If you'd like, I can help you from your output or walk you through setting up your panel data correctly for this test. xtserial package - Stata
: You can view the Full PDF Article on the Stata Journal website. Key Usage Tips
However, xtserial is not part of official Stata; it is a user-written add-on that must be installed from the Boston College Statistical Software Components (SSC) archive. This paper details the installation process, verification, and common pitfalls. xtserial stata install
Serial correlation in the idiosyncratic errors of panel data models can bias standard errors and lead to invalid inference. The user-written command xtserial (Drukker, 2003) implements a robust test for first-order serial correlation in linear panel-data models with random or fixed effects. This paper provides a comprehensive guide to installing xtserial in Stata, covering both official and alternative methods, addressing common errors, and illustrating the command’s use with an empirical example.
set proxy_addr "proxy.youruniversity.edu" set proxy_port 8080 If you'd like, I can help you from
In a research pipeline, ensure your do-file installs the package automatically:
Because xtserial is not a built-in Stata command, you must install it from the Stata Journal archives.
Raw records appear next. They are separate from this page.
(* Let $q$ be a prime power, let $n>1$ and $k\ge 1$ with $\gcd(n,k)=1$, and let $f(x)$ be an irreducible polynomial of degree $n$ over $\mathbb{F}_q$. Let $\alpha,\beta\in\mathbb{F}_{q^k}$ with $\alpha\neq 0$, and write $g(x)=f(\alpha x+\beta)=\sum_{i=0}^{n} g_i x^i$. Then $\mathbb{F}_q(g_0,g_1,\ldots,g_n)=\mathbb{F}_{q^k}$ if and only if $\mathbb{F}_q(\alpha,\beta)=\mathbb{F}_{q^k}$.
   Context: For elements $a_1,\dots,a_r$ of a finite extension of $\mathbb{F}_q$, $\mathbb{F}_q(a_1,\ldots,a_r)$ denotes the smallest field containing $\mathbb{F}_q$ and all $a_i$; equivalently, $\mathbb{F}_q(a_1,\dots,a_r)=\mathbb{F}_{q^k}$ (with all $a_i\in\mathbb{F}_{q^k}$) means that for every proper divisor $v$ of $k$ some $a_i\notin\mathbb{F}_{q^v}$. *)

From HB Require Import structures.
From mathcomp Require Import all_boot all_order all_algebra all_field.
Set Implicit Arguments. Unset Strict Implicit. Unset Printing Implicit Defensive.
Import GRing.Theory.
Local Open Scope ring_scope.

Definition gen_field (F : fieldType) (L : fieldExtType F) (xs : seq L)
  : {vspace L} := <<1%VS & xs>>%VS.

(* One inclusion is clear since g has coefficients in F_q(alpha, beta).
   Conversely let K be generated by the coefficients of g and let tau be the
   Frobenius x |-> x^#|K|, which fixes K and g.  Then f is invariant under the
   substitution x |-> u x + w with u = tau(alpha)/alpha, w = tau(beta) - u beta.
   As f divides x^(q^n) - x and has no root in F_(q^k), reducing
   (u x + w)^(q^(k m)) modulo f with k m = 1 mod n forces u, w into F_q.  Hence
   tau^i(alpha) = u^i alpha, and u^n = 1 (leading coefficients) with u^k = 1
   (tau^k = id) give u = 1; likewise n w = 0 (next-to-leading coefficients) and
   k w = 0 give w = 0, i.e. tau fixes alpha and beta. *)

From HB Require Import structures.
From mathcomp Require Import all_boot all_order all_algebra all_field.
From mathcomp Require Import ring.
Import GRing.Theory.
Local Open Scope ring_scope.
Set Implicit Arguments. Unset Strict Implicit. Unset Printing Implicit Defensive.

Lemma expr_coprime_eq1 (R : ringType) (x : R) a b :
  coprime a b -> x ^+ a = 1 -> x ^+ b = 1 -> x = 1.
Proof.
case: a => [|a]; first by rewrite /coprime gcd0n => /eqP-> _; rewrite expr1.
case: (egcdnP b (ltn0Sn a)) => ka kb bezout _; rewrite /coprime => /eqP g1 xa xb.
move/(congr1 (GRing.exp x)): bezout; rewrite g1 exprD mulnC [(kb * _)%N]mulnC.
by rewrite !exprM xa xb !expr1n mul1r.
Qed.

Lemma mulrn_coprime_eq0 (V : zmodType) (x : V) a b :
  coprime a b -> x *+ a = 0 -> x *+ b = 0 -> x = 0.
Proof.
case: a => [|a]; first by rewrite /coprime gcd0n => /eqP-> _; rewrite mulr1n.
case: (egcdnP b (ltn0Sn a)) => ka kb bezout _; rewrite /coprime => /eqP g1 xa xb.
move/(congr1 (GRing.natmul x)): bezout; rewrite g1 mulrnDr mulnC [(kb * _)%N]mulnC.
by rewrite !mulrnA xa xb !mul0rn add0r.
Qed.

Lemma iter_rmorph_mul_fixed (R : nzRingType) (f : {rmorphism R -> R}) a u i :
  f u = u -> f a = a * u -> iter i f a = a * u ^+ i.
Proof.
move=> fu fa; elim: i => [|i /= ->]; first by rewrite mulr1.
by rewrite rmorphM rmorphXn fu fa -mulrA -exprS.
Qed.

Lemma iter_rmorph_add_fixed (R : nzRingType) (f : {rmorphism R -> R}) b w i :
  f w = w -> f b = b + w -> iter i f b = b + w *+ i.
Proof.
move=> fw fb; elim: i => [|i /= ->]; first by rewrite addr0.
by rewrite rmorphD rmorphMn fw fb -addrA -mulrS.
Qed.

Lemma dvdp_subrXX (R : idomainType) (p a b : {poly R}) N :
  p %| a - b -> p %| a ^+ N - b ^+ N.
Proof. by move=> pab; rewrite subrXX dvdp_mulr. Qed.

Lemma dvdp_Xn_subX_expn (R : idomainType) (p : {poly R}) N m :
  p %| 'X^N - 'X -> p %| 'X^(N ^ m)%N - 'X.
Proof.
move=> pN; elim: m => [|m IHm]; first by rewrite expn0 subrr dvdp0.
have -> : 'X^(N ^ m.+1)%N - 'X =
    ('X^N) ^+ (N ^ m)%N - 'X ^+ (N ^ m)%N + ('X^(N ^ m)%N - 'X) :> {poly R}.
  by rewrite -exprM -expnS addrA subrK.
by rewrite dvdp_add // dvdp_subrXX.
Qed.

Definition affine_poly (R : nzRingType) (a b : R) : {poly R} := 'X * a%:P + b%:P.

Section AffinePoly.
Variable R : idomainType.
Implicit Types (a b c d : R) (p : {poly R}).

Lemma comp_affine_poly a b c d :
  affine_poly a b \Po affine_poly c d = affine_poly (c * a) (d * a + b).
Proof.
rewrite /affine_poly comp_polyD comp_polyM comp_polyX !comp_polyC mulrDl -mulrA.
by rewrite -!rmorphM /= -addrA -rmorphD.
Qed.

Lemma map_affine_poly (S : nzRingType) (f : {rmorphism R -> S}) a b :
  map_poly f (affine_poly a b) = affine_poly (f a) (f b).
Proof. by rewrite /affine_poly rmorphD rmorphM /= map_polyX !map_polyC. Qed.

Lemma size_affine_poly a b : a != 0 -> size (affine_poly a b) = 2.
Proof.
by move=> a0; rewrite /affine_poly mulrC size_MXaddC polyC_eq0 (negbTE a0) size_polyC a0.
Qed.

Lemma lead_coef_affine_poly a b : a != 0 -> lead_coef (affine_poly a b) = a.
Proof.
by move=> a0; rewrite lead_coefE size_affine_poly // /affine_poly coefD coefXM !coefC addr0.
Qed.

Lemma affine_poly_1 c : affine_poly 1 c = 'X + c%:P.
Proof. by rewrite /affine_poly mulr1. Qed.

Lemma comp_affine_poly_fixed_lead p a b :
  p != 0 -> a != 0 -> p \Po affine_poly a b = p -> a ^+ (size p).-1 = 1.
Proof.
move=> p0 a0 /(congr1 lead_coef).
rewrite lead_coef_comp ?size_affine_poly // lead_coef_affine_poly //.
by rewrite -[RHS]mulr1 => /mulfI; apply; rewrite lead_coef_eq0.
Qed.

Lemma coef_XaddC_exp c i j : (i <= j)%N -> (('X + c%:P) ^+ i)`_j = (i == j)%:R.
Proof.
have -> : 'X + c%:P = 'X - (- c)%:P by rewrite polyCN opprK.
rewrite leq_eqVlt => /predU1P[<- | ltij].
  by have /monicP := monic_exp i (monicXsubC (- c)); rewrite lead_coefE size_exp_XsubC eqxx.
by rewrite (ltn_eqF ltij) nth_default // size_exp_XsubC.
Qed.

Lemma coef_XaddC_exp_subtop c i : (('X + c%:P) ^+ i.+1)`_i = c *+ i.+1.
Proof.
elim: i => [|i IHi]; first by rewrite expr1 coefD coefX coefC add0r.
rewrite exprS mulrDl coefD coefXM coefCM /= IHi coef_XaddC_exp // eqxx mulr1.
by rewrite addrC -mulrS.
Qed.

Lemma coef_comp_XaddC_subtop p c m : size p = m.+2 ->
  (p \Po ('X + c%:P))`_m = p`_m + (p`_m.+1 * c) *+ m.+1.
Proof.
move=> szp; rewrite coef_comp_poly szp !big_ord_recr /= big1 ?add0r => [|i _].
  by rewrite coef_XaddC_exp_subtop coef_XaddC_exp // eqxx mulr1 mulrnAr.
by rewrite coef_XaddC_exp ?(ltn_eqF (ltn_ord i)) ?mulr0 // ltnW.
Qed.

Lemma comp_XaddC_fixed_mulrn p c : p \Po ('X + c%:P) = p -> c *+ (size p).-1 = 0.
Proof.
case szp: (size p) => [|[|m]] /= peq; rewrite ?mulr0n //.
have := congr1 (fun r : {poly R} => r`_m) peq.
rewrite coef_comp_XaddC_subtop // -[RHS]addr0 => /addrI /eqP.
rewrite -mulrnAr mulf_eq0 => /orP[|/eqP //].
have : lead_coef p != 0 by rewrite lead_coef_eq0 -size_poly_eq0 szp.
by rewrite lead_coefE szp => /negP.
Qed.

End AffinePoly.

Lemma comp_affine_poly_eq_invariant (R : fieldType) (p : {poly R}) a b a' b' :
  a != 0 -> p \Po affine_poly a' b' = p \Po affine_poly a b ->
  p \Po affine_poly (a' / a) (b' - a' / a * b) = p.
Proof.
move=> a0 pab; have inv_ab : affine_poly a b \Po affine_poly a^-1 (- (b / a)) = 'X.
  rewrite comp_affine_poly mulVf // mulNr divfK // addNr.
  by rewrite /affine_poly polyC1 polyC0 mulr1 addr0.
rewrite -[RHS]comp_polyXr -inv_ab comp_polyA -pab -comp_polyA comp_affine_poly.
by congr (_ \Po affine_poly _ _); field.
Qed.

Section FrobeniusPower.
Variables (F : finFieldType) (L : fieldExtType F).
Local Notation q := #|F|.

Lemma pnat_card_expn m : [pchar F].-nat (q ^ m)%N.
Proof.
have [p p_pr pF] := finPcharP F.
have -> : q = (p ^ logn p q)%N := card_pprimeChar pF.
by rewrite (eq_pnat _ (pcharf_eq pF)) -expnM pnatX (pnat_id p_pr).
Qed.

Definition frob_pow m (x : L) : L := x ^+ (q ^ m)%N.

Fact frob_pow_is_zmod_morphism m : zmod_morphism (frob_pow m).
Proof.
have qL : [pchar L].-nat (q ^ m)%N by rewrite (eq_pnat _ (pchar_lalg L)) pnat_card_expn.
move=> x y; have := exprDn_pchar (x - y) y qL.
by rewrite subrK /frob_pow => ->; rewrite addrK.
Qed.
While many users try ssc install , this specific package is typically hosted through the net command suite. Follow these steps in your Stata command window: This paper provides a comprehensive guide to installing
You may already have the file, but it might be corrupted or saved in a location Stata isn't looking at.
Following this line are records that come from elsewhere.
(* Let $X=(V,E,T)$ be an $(s,k,K)$-two layer system with weight function $w$. Let $A\subseteq E$ and $U\subseteq V$, and for $0\le i\le k$ let $A^i_U=\{\tau\in A:|U\cap\tau|=i\}$. Then $$\sum_{i=1}^k i\,w(A^i_U)\le\sum_{v\in U}m_v(A_v)\le (s-1)\sum_{i=1}^k i\,w(A^i_U).$$ In particular, for every $A\subseteq E$ and every $U\subseteq V$, $\sum_{v\in U}m_v(A_v)\le (s-1)k\,w(A)$.
   Context: Let $s,k,K$ be positive integers. An $(s,k,K)$-two layer system is a triple $X=(V,E,T)$ where: $V$ is a finite set; $E\subseteq 2^V$ with $|\tau|=k$ for every $\tau\in E$ and $\bigcup_{\tau\in E}\tau=V$; $T\subseteq 2^E$ with $|\sigma|=K$ for every $\sigma\in T$ and $\bigcup_{\sigma\in T}\sigma=E$. For $v\in V$, $\sigma\in T$ write $v\in\sigma$ if $v\in\tau$ for some $\tau\in\sigma$; it is required that $2\le|\{\tau\in\sigma:v\in\tau\}|\le s$ for all $\sigma\in T$, $v\in\sigma$. A positive function $w:T\to\mathbb{R}_{>0}$ is fixed and extended by $w(\tau)=\sum_{\sigma\in T,\tau\in\sigma}w(\sigma)$ ($\tau\in E$), $w(v)=\sum_{\sigma\in T,v\in\sigma}w(\sigma)$ ($v\in V$), $w(B)=\sum_{\eta\in B}w(\eta)$. For $v\in V$ let $E_v=\{\tau\in E:v\in\tau\}$. The link of $v$ is the graph with vertex set $E_v$ in which distinct $\tau_1,\tau_2\in E_v$ are adjacent iff some $\sigma\in T$ contains both, with edge weight $m_v(\{\tau_1,\tau_2\})=\sum_{\sigma\in T,\ \tau_1,\tau_2\in\sigma}w(\sigma)$; for $\tau\in E_v$, $m_v(\tau)$ is the sum of $m_v$ over the link edges containing $\tau$, and $m_v(B)=\sum_{\tau\in B}m_v(\tau)$ for $B\subseteq E_v$. For $A\subseteq E$, $A_v=A\cap E_v$. *)

From mathcomp Require Import all_boot all_order all_algebra.
Set Implicit Arguments. Unset Strict Implicit. Unset Printing Implicit Defensive.
Import Order.TTheory GRing.Theory Num.Theory.
Local Open Scope ring_scope.

Section TwoLayer.
Variables (V : finType) (R : realFieldType).

(* v \in sigma : v lies in some tau in sigma *)
Definition vin (v : V) (sigma : {set {set V}}) : bool :=
  [exists tau in sigma, v \in tau].

(* (s,k,K)-two layer system X = (V,E,T); V is the whole finite type V *)
Definition two_layer (s k K : nat) (E : {set {set V}})
    (T : {set {set {set V}}}) : Prop :=
  [/\ (forall tau, tau \in E -> #|tau| = k),
      \bigcup_(tau in E) tau = [set: V],
      (forall sigma, sigma \in T -> #|sigma| = K),
      \bigcup_(sigma in T) sigma = E &
      (forall sigma v, sigma \in T -> vin v sigma ->
         (2 <= #|[set tau in sigma | v \in tau]| <= s)%N)].

Variables (T : {set {set {set V}}}) (w : {set {set V}} -> R).

Definition wE (tau : {set V}) : R := \sum_(sigma in T | tau \in sigma) w sigma.
Definition wset (B : {set {set V}}) : R := \sum_(tau in B) wE tau.

Definition Ev (E : {set {set V}}) (v : V) : {set {set V}} :=
  [set tau in E | v \in tau].

Definition mvedge (t1 t2 : {set V}) : R :=
  \sum_(sigma in T | (t1 \in sigma) && (t2 \in sigma)) w sigma.

(* adjacency in the link of v (vertices are E_v) *)
Definition link_adj (t1 t2 : {set V}) : bool :=
  (t1 != t2) && [exists sigma in T, (t1 \in sigma) && (t2 \in sigma)].

Definition mv (E : {set {set V}}) (v : V) (tau : {set V}) : R :=
  \sum_(t in Ev E v | link_adj tau t) mvedge tau t.

Definition mvset (E : {set {set V}}) (v : V) (B : {set {set V}}) : R :=
  \sum_(tau in B) mv E v tau.

End TwoLayer.

Definition AiU (V : finType) (A : {set {set V}}) (U : {set V}) (i : nat) :=
  [set tau in A | #|U :&: tau| == i].

(* Both bounds hold edge by edge.  For [v \in tau], each [sigma \in T]
   containing [tau] contributes [w sigma] to [m_v(tau)] once for every other
   edge of [sigma] through [v], so [m_v(tau)] is the sum over such [sigma] of
   [w(sigma) (n_v(sigma) - 1)] with [2 <= n_v(sigma) <= s]; hence
   [w(tau) <= m_v(tau) <= (s-1) w(tau)].  Summing over the pairs [(v, tau)]
   with [v \in U :&: tau] counts each [tau] exactly [#|U :&: tau|] times,
   which is the layered sum [sum_i i w(A^i_U)]. *)
From mathcomp Require Import all_boot all_order all_algebra.
Set Implicit Arguments. Unset Strict Implicit. Unset Printing Implicit Defensive.
Import Order.TTheory GRing.Theory Num.Theory.
Local Open Scope ring_scope.

Section DoubleCounting.
Variables (V : finType) (R : realFieldType).
Implicit Types (A : {set {set V}}) (U : {set V}) (F : {set V} -> R).

Lemma sum_card_setI_mul A U F :
  \sum_(tau in A) #|U :&: tau|%:R * F tau
  = \sum_(v in U) \sum_(tau in A | v \in tau) F tau.
Proof.
under [RHS]eq_bigr => v _ do rewrite big_mkcondr /=.
rewrite exchange_big; apply: eq_bigr => tau _.
rewrite -big_mkcondr /= (eq_bigl (mem (U :&: tau))) => [|v]; last by rewrite !inE.
by rewrite sumr_const mulr_natl.
Qed.

Lemma sum_layers_AiU k A U F :
  {in A, forall tau, #|U :&: tau| <= k}%N ->
  \sum_(1 <= i < k.+1) i%:R * (\sum_(tau in AiU A U i) F tau)
  = \sum_(tau in A) #|U :&: tau|%:R * F tau.
Proof.
move=> cardUA.
under eq_bigr => i _ do rewrite mulr_sumr big_mkcond /=.
rewrite exchange_big [RHS]big_mkcond; apply: eq_bigr => tau _.
have [tA|tNA] := boolP (tau \in A); last first.
  by rewrite big1 // => i _; rewrite inE (negbTE tNA).
under eq_bigr => i _ do rewrite inE tA /=.
have := cardUA tau tA; set n := #|U :&: tau| => le_nk.
have [->|n_gt0] := posnP n.
  by rewrite mul0r big1_seq // => -[|i] //= _; rewrite mul0r.
rewrite (bigD1_seq n) ?iota_uniq ?mem_index_iota ?n_gt0 ?ltnS //= eqxx.
by rewrite big1 ?addr0 // => i ni; rewrite eq_sym (negbTE ni).
Qed.

Lemma sum_card_setI_mul_le k A U F :
  (forall tau, 0 <= F tau) -> {in A, forall tau, #|U :&: tau| <= k}%N ->
  \sum_(tau in A) #|U :&: tau|%:R * F tau <= k%:R * \sum_(tau in A) F tau.
Proof.
move=> F_ge0 cardUA; rewrite mulr_sumr; apply: ler_sum => tau tA.
by rewrite ler_wpM2r // ler_nat cardUA.
Qed.

End DoubleCounting.

Lemma vin_of_mem (V : finType) (v : V) (tau : {set V}) (sigma : {set {set V}}) :
  tau \in sigma -> v \in tau -> vin v sigma.
Proof. by move=> tau_s v_tau; apply/existsP; exists tau; rewrite tau_s. Qed.

Section LinkWeight.
Variables (V : finType) (R : realFieldType).
Variables (E : {set {set V}}) (T : {set {set {set V}}}) (w : {set {set V}} -> R).
Implicit Types (v : V) (tau : {set V}) (sigma : {set {set V}}).
Implicit Types (A : {set {set V}}) (U : {set V}).
Hypothesis subET : \bigcup_(sigma in T) sigma \subset E.

Lemma mvE v tau : v \in tau ->
  mv T w E v tau
  = \sum_(sigma in T | tau \in sigma) w sigma * (#|[set t in sigma | v \in t]| - 1)%:R.
Proof.
move=> v_tau.
have mvedgeE t : mvedge T w tau t
    = \sum_(sigma in T | tau \in sigma) (if t \in sigma then w sigma else 0).
  by rewrite /mvedge -big_mkcondr; apply: eq_bigl => sigma; rewrite andbA.
transitivity (\sum_(t in Ev E v | t != tau) \sum_(sigma in T | tau \in sigma)
                (if t \in sigma then w sigma else 0)).
  rewrite /mv big_mkcond [RHS]big_mkcond; apply: eq_bigr => t _.
  rewrite mvedgeE /link_adj eq_sym.
  case: (t \in Ev E v) (t != tau) => [] [] //=; case: existsP => [_|noT] //.
  rewrite big1 // => sigma /andP[sT t_s]; case: ifP => // s_t.
  by case: noT; exists sigma; rewrite sT t_s s_t.
rewrite exchange_big; apply: eq_bigr => sigma /andP[sT tau_s].
rewrite -big_mkcondr (eq_bigl (mem ([set t in sigma | v \in t] :\ tau))) => [|t].
  rewrite sumr_const mulr_natr [in RHS](cardsD1 tau) !inE tau_s v_tau.
  by rewrite add1n subn1.
rewrite /= !inE; case t_s: (t \in sigma); rewrite ?andbF //= andbT andbC.
by rewrite (subsetP subET) //; apply/bigcupP; exists sigma.
Qed.

Hypothesis w_ge0 : {in T, forall sigma, 0 <= w sigma}.

Lemma wE_le_mv v tau :
  (forall sigma, sigma \in T -> vin v sigma -> 2 <= #|[set t in sigma | v \in t]|)%N ->
  v \in tau -> wE T w tau <= mv T w E v tau.
Proof.
move=> two_le v_tau; rewrite mvE // /wE; apply: ler_sum => sigma /andP[sT tau_s].
have two_le_n := two_le sigma sT (vin_of_mem tau_s v_tau).
by rewrite -[leLHS]mulr1 ler_wpM2l ?w_ge0 // ler1n subn_gt0.
Qed.

Lemma mv_le_wE s v tau :
  (forall sigma, sigma \in T -> vin v sigma -> #|[set t in sigma | v \in t]| <= s)%N ->
  v \in tau -> mv T w E v tau <= (s - 1)%:R * wE T w tau.
Proof.
move=> le_s v_tau; rewrite mvE // /wE mulr_sumr; apply: ler_sum => sigma /andP[sT tau_s].
have n_le_s := le_s sigma sT (vin_of_mem tau_s v_tau).
by rewrite [leRHS]mulrC ler_wpM2l ?w_ge0 // ler_nat leq_sub2r.
Qed.

Lemma wE_ge0 tau : 0 <= wE T w tau.
Proof. by apply: sumr_ge0 => sigma /andP[sT _]; apply: w_ge0. Qed.

Lemma sum_mvset_setI A U : A \subset E ->
  \sum_(v in U) mvset T w E v (A :&: Ev E v)
  = \sum_(v in U) \sum_(tau in A | v \in tau) mv T w E v tau.
Proof.
move=> subAE; apply: eq_bigr => v _; apply: eq_bigl => tau.
by rewrite !inE; case: (boolP (tau \in A)) => //= /(subsetP subAE) ->.
Qed.

End LinkWeight.

Theorem proposition2p9 (V : finType) (R : realFieldType) (s k K : nat)
    (E : {set {set V}}) (T : {set {set {set V}}}) (w : {set {set V}} -> R) :
  (0 < s)%N -> (0 < k)%N -> (0 < K)%N ->
  two_layer s k K E T ->
  (forall sigma, sigma \in T -> 0 < w sigma) ->
  forall (A : {set {set V}}) (U : {set V}), A \subset E ->
  [/\ \sum_(1 <= i < k.+1) i%:R * wset T w (AiU A U i)
        <= \sum_(v in U) mvset T w E v (A :&: Ev E v),
      \sum_(v in U) mvset T w E v (A :&: Ev E v)
        <= (s - 1)%:R * \sum_(1 <= i < k.+1) i%:R * wset T w (AiU A U i) &
      \sum_(v in U) mvset T w E v (A :&: Ev E v)
        <= (s - 1)%:R * k%:R * wset T w A].
Proof.
move=> _ _ _ [cardE _ _ coverT bounds] w_gt0 A U subAE.
have subET : \bigcup_(sigma in T) sigma \subset E by rewrite coverT.
have w_ge0 : {in T, forall sigma, 0 <= w sigma} by move=> sigma /w_gt0/ltW.
have cardUA : {in A, forall tau, #|U :&: tau| <= k}%N.
  by move=> tau /(subsetP subAE) tE; rewrite -(cardE tau tE) subset_leq_card ?subsetIr.
rewrite /wset sum_layers_AiU // sum_mvset_setI // sum_card_setI_mul.
have upper : \sum_(v in U) \sum_(tau in A | v \in tau) mv T w E v tau
    <= (s - 1)%:R * \sum_(v in U) \sum_(tau in A | v \in tau) wE T w tau.
  rewrite mulr_sumr; apply: ler_sum => v _; rewrite mulr_sumr.
  apply: ler_sum => tau /andP[_ v_tau]; apply: mv_le_wE v_tau => //.
  by move=> sigma sT /(bounds _ _ sT)/andP[].
split => //.
- apply: ler_sum => v _; apply: ler_sum => tau /andP[_ v_tau].
  by apply: wE_le_mv v_tau => // sigma sT /(bounds _ _ sT)/andP[].
- apply: (le_trans upper); rewrite -mulrA ler_wpM2l // -sum_card_setI_mul.
  exact: sum_card_setI_mul_le (wE_ge0 w_ge0) cardUA.
Qed.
If you run xtserial and get an error like version 8.0 not supported , you may need to update your Stata executable or the xtserial package to the latest version via ssc install xtserial, replace .
Panel data combine time-series and cross-sectional dimensions, making them rich for analysis but also prone to serial correlation. While Stata’s built-in xtreg post-estimation commands (e.g., xtserial, xthrtest ) offer some diagnostics, the xtserial command—written by David M. Drukker (StataCorp)—provides a direct implementation of the Wooldridge (2002) test for serial correlation. This test is attractive because it works under general conditions and is robust to heteroskedasticity.